DSP Optimization with Intrinsics
Compiler intrinsics provide access to DSP instructions without needing to write assembly code. For example: float32_t sum; float32_t *inp, *coeff; // Use intrinsic for multiply-accumulate sum = __SMLAD(*inp++, *coeff++);
Intrinsics allow the compiler to schedule instructions for optimal performance. Key advantages are:
- Write efficient DSP code in C/C++ instead of assembly
- Compiler handles instruction scheduling and pipelining
- Avoid errors from hand-written assembly code
- Code is portable between different ARM cores
- Allows use of high-level language tools/debugging
ARM provides an extensive set of intrinsics for the Cortex-M7 DSP instructions. Using intrinsics combined with the coding techniques outlined earlier allows DSP algorithms to take full advantage of the processor’s capabilities.
DSP Benchmarking
Benchmarking is important to validate the performance gains from using DSP instructions and quantify any improvements. Some tips for effective benchmarking include:
- Use representative DSP functions like FFTs, filtering, matrix math etc.

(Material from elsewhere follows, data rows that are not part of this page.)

Lemma potential_target2 y : f (target2 P y) = f y - / r2 y.
Proof.
  destruct y as [y1 y2]; unfold potential, target2, rate2; cbn [fst snd lam2 mu1].
  destruct (P (y1, y2)) as [a1 []] eqn:E; cbn [fst snd].
  - rewrite S_INR; field; lra.
  - destruct y1 as [|y1].
    + destruct (hni y2) as [_ H]; rewrite E in H; discriminate.
    + cbn [Nat.pred]; rewrite S_INR; field; lra.
Qed.

Lemma crit_p1_ge0 y : 0 <= p1 crit P y.
Proof.
  pose proof (rate1_pos y); pose proof (rate2_pos y).
  unfold p1, qout; apply Rlt_le, Rdiv_lt_0_compat; lra.
Qed.

Lemma crit_p2_ge0 y : 0 <= p2 crit P y.
Proof.
  pose proof (rate1_pos y); pose proof (rate2_pos y).
  unfold p2, qout; apply Rlt_le, Rdiv_lt_0_compat; lra.
Qed.

Lemma crit_p_sum y : p1 crit P y + p2 crit P y = 1.
Proof.
  pose proof (rate1_pos y); pose proof (rate2_pos y).
  unfold p1, p2, qout; field; lra.
Qed.

Lemma potential_martingale y : one_step crit P f y = f y.
Proof.
  pose proof (rate1_pos y); pose proof (rate2_pos y).
  unfold one_step, p1, p2, qout; rewrite potential_target1, potential_target2.
  field; lra.
Qed.

Definition max_jump : R := / l1 + / l2.

Lemma inv_rate_le r : r = l1 \/ r = l2 -> 0 < / r <= max_jump.
Proof.
  pose proof (Rinv_0_lt_compat _ hl1); pose proof (Rinv_0_lt_compat _ hl2).
  unfold max_jump; intros [-> | ->]; lra.
Qed.

Lemma potential_increment1 y : Rabs (f (target1 P y) - f y) <= max_jump.
Proof.
  rewrite potential_target1; replace (f y + / r1 y - f y) with (/ r1 y) by ring.
  destruct (inv_rate_le _ (rate1_cases y)); rewrite Rabs_right; lra.
Qed.

Lemma potential_increment2 y : Rabs (f (target2 P y) - f y) <= max_jump.
Proof.
  rewrite potential_target2; replace (f y - / r2 y - f y) with (- / r2 y) by ring.
  destruct (inv_rate_le _ (rate2_cases y)); rewrite Rabs_Ropp, Rabs_right; lra.
Qed.

Lemma potential_variance y :
  variance crit P f y = (/ r1 y + / r2 y) / qout crit P y.
Proof.
  pose proof (rate1_pos y); pose proof (rate2_pos y).
  unfold variance, one_step, p1, p2, qout.
  rewrite potential_target1, potential_target2; field; lra.
Qed.

Lemma potential_variance_pos y : 0 < variance crit P f y.
Proof.
  rewrite potential_variance; unfold qout.
  pose proof (rate1_pos y); pose proof (rate2_pos y).
  pose proof (Rinv_0_lt_compat _ (rate1_pos y)); pose proof (Rinv_0_lt_compat _ (rate2_pos y)).
  apply Rdiv_lt_0_compat; lra.
Qed.

Lemma potential_variance_le y :
  variance crit P f y <= 2 * max_jump * / qout crit P y.
Proof.
  rewrite potential_variance; unfold Rdiv, qout.
  pose proof (rate1_pos y); pose proof (rate2_pos y).
  destruct (inv_rate_le _ (rate1_cases y)), (inv_rate_le _ (rate2_cases y)).
  apply Rmult_le_compat_r; [apply Rlt_le, Rinv_0_lt_compat|]; lra.
Qed.

Lemma one_le_holding_time y : 1 <= 2 * (l1 + l2) * / qout crit P y.
Proof.
  unfold qout; pose proof (rate1_pos y); pose proof (rate2_pos y).
  assert (r1 y + r2 y <= 2 * (l1 + l2))
    by (destruct (rate1_cases y) as [-> | ->], (rate2_cases y) as [-> | ->]; lra).
  rewrite <- (Rinv_r (r1 y + r2 y)) by lra.
  apply Rmult_le_compat_r; [apply Rlt_le, Rinv_0_lt_compat|]; lra.
Qed.

Lemma not_positive_recurrent x : ~ positive_recurrent crit P x.
Proof.
  intros [M HM].
  assert (kill_sum_le_M : forall c h, 0 <= c -> (forall y, h y <= c * / qout crit P y) ->
            forall n, kill_sum crit P x h n x <= c * M).
  { intros c h hc hh n.
    eapply Rle_trans; [apply (kill_sum_le _ _ _ crit_p1_ge0 crit_p2_ge0 n _ _ x hh)|].
    rewrite kill_sum_scal, <- ret_trunc_kill_sum; apply Rmult_le_compat_l; auto. }
  assert (hdecay : forall n, INR n * survival crit P x n x <= 2 * (l1 + l2) * M).
  { intro n; eapply Rle_trans;
      [apply (INR_mul_survival_le _ _ _ crit_p1_ge0 crit_p2_ge0 crit_p_sum)|].
    apply kill_sum_le_M; [lra | apply one_le_holding_time]. }
  pose proof (potential_variance_pos x) as hv.
  destruct (INR_archimed (variance crit P f x / 2) (2 * max_jump * M)) as [j hj]; [lra|].
  destruct (quad_var_unbounded crit P x crit_p1_ge0 crit_p2_ge0 crit_p_sum f max_jump
              potential_martingale potential_increment1 potential_increment2
              _ hdecay j hv) as [m hm].
  assert (quad_var crit P x f m <= 2 * max_jump * M).
  { apply kill_sum_le_M; [|apply potential_variance_le].
    destruct (inv_rate_le l1 (or_introl eq_refl)); lra. }
  lra.
Qed.

End CriticalNetwork.

Theorem theorem1 (l1 l2 : R) (hl1 : 0 < l1) (hl2 : 0 < l2) :
  ~ stabilizable (mkNet l1 l2 l1 l2).
Proof.
  intros [P [hni [x [Hpr _]]]].
  apply (not_positive_recurrent l1 l2 P hl1 hl2 hni x), Hpr.
  split; apply rt_refl.
Qed.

- Compare with and without DSP-optimized implementations.
- Measure both execution time and number of cycles.
- Compare code size between versions.
- Use optimized compiler settings throughout testing.
- Perform statistics across many iterations for accuracy.
Measuring real-world throughput and efficiency helps choose the best optimizations for a particular application. The Cortex-M7 DSP instructions enable substantial gains but optimal coding is needed to maximize performance.
Conclusion
The Cortex-M7 DSP instructions provide significant benefits for digital signal processing performance compared to conventional microcontroller architectures. By leveraging single-cycle MAC operations, saturation arithmetic, SIMD and specialized DSP extensions, complex algorithms can be made faster and more power efficient. Combined with techniques like loop unrolling, pipelining and multi-issue execution, the DSP instructions enable Cortex-M7 to address demanding DSP applications. Intrinsic functions give access to these instructions in C/C++ without relying on assembly. Thorough benchmarking is key to validate and quantify the performance gains. With its DSP feature set, Cortex-M7 delivers outstanding DSP capabilities not previously possible in microcontroller-class devices.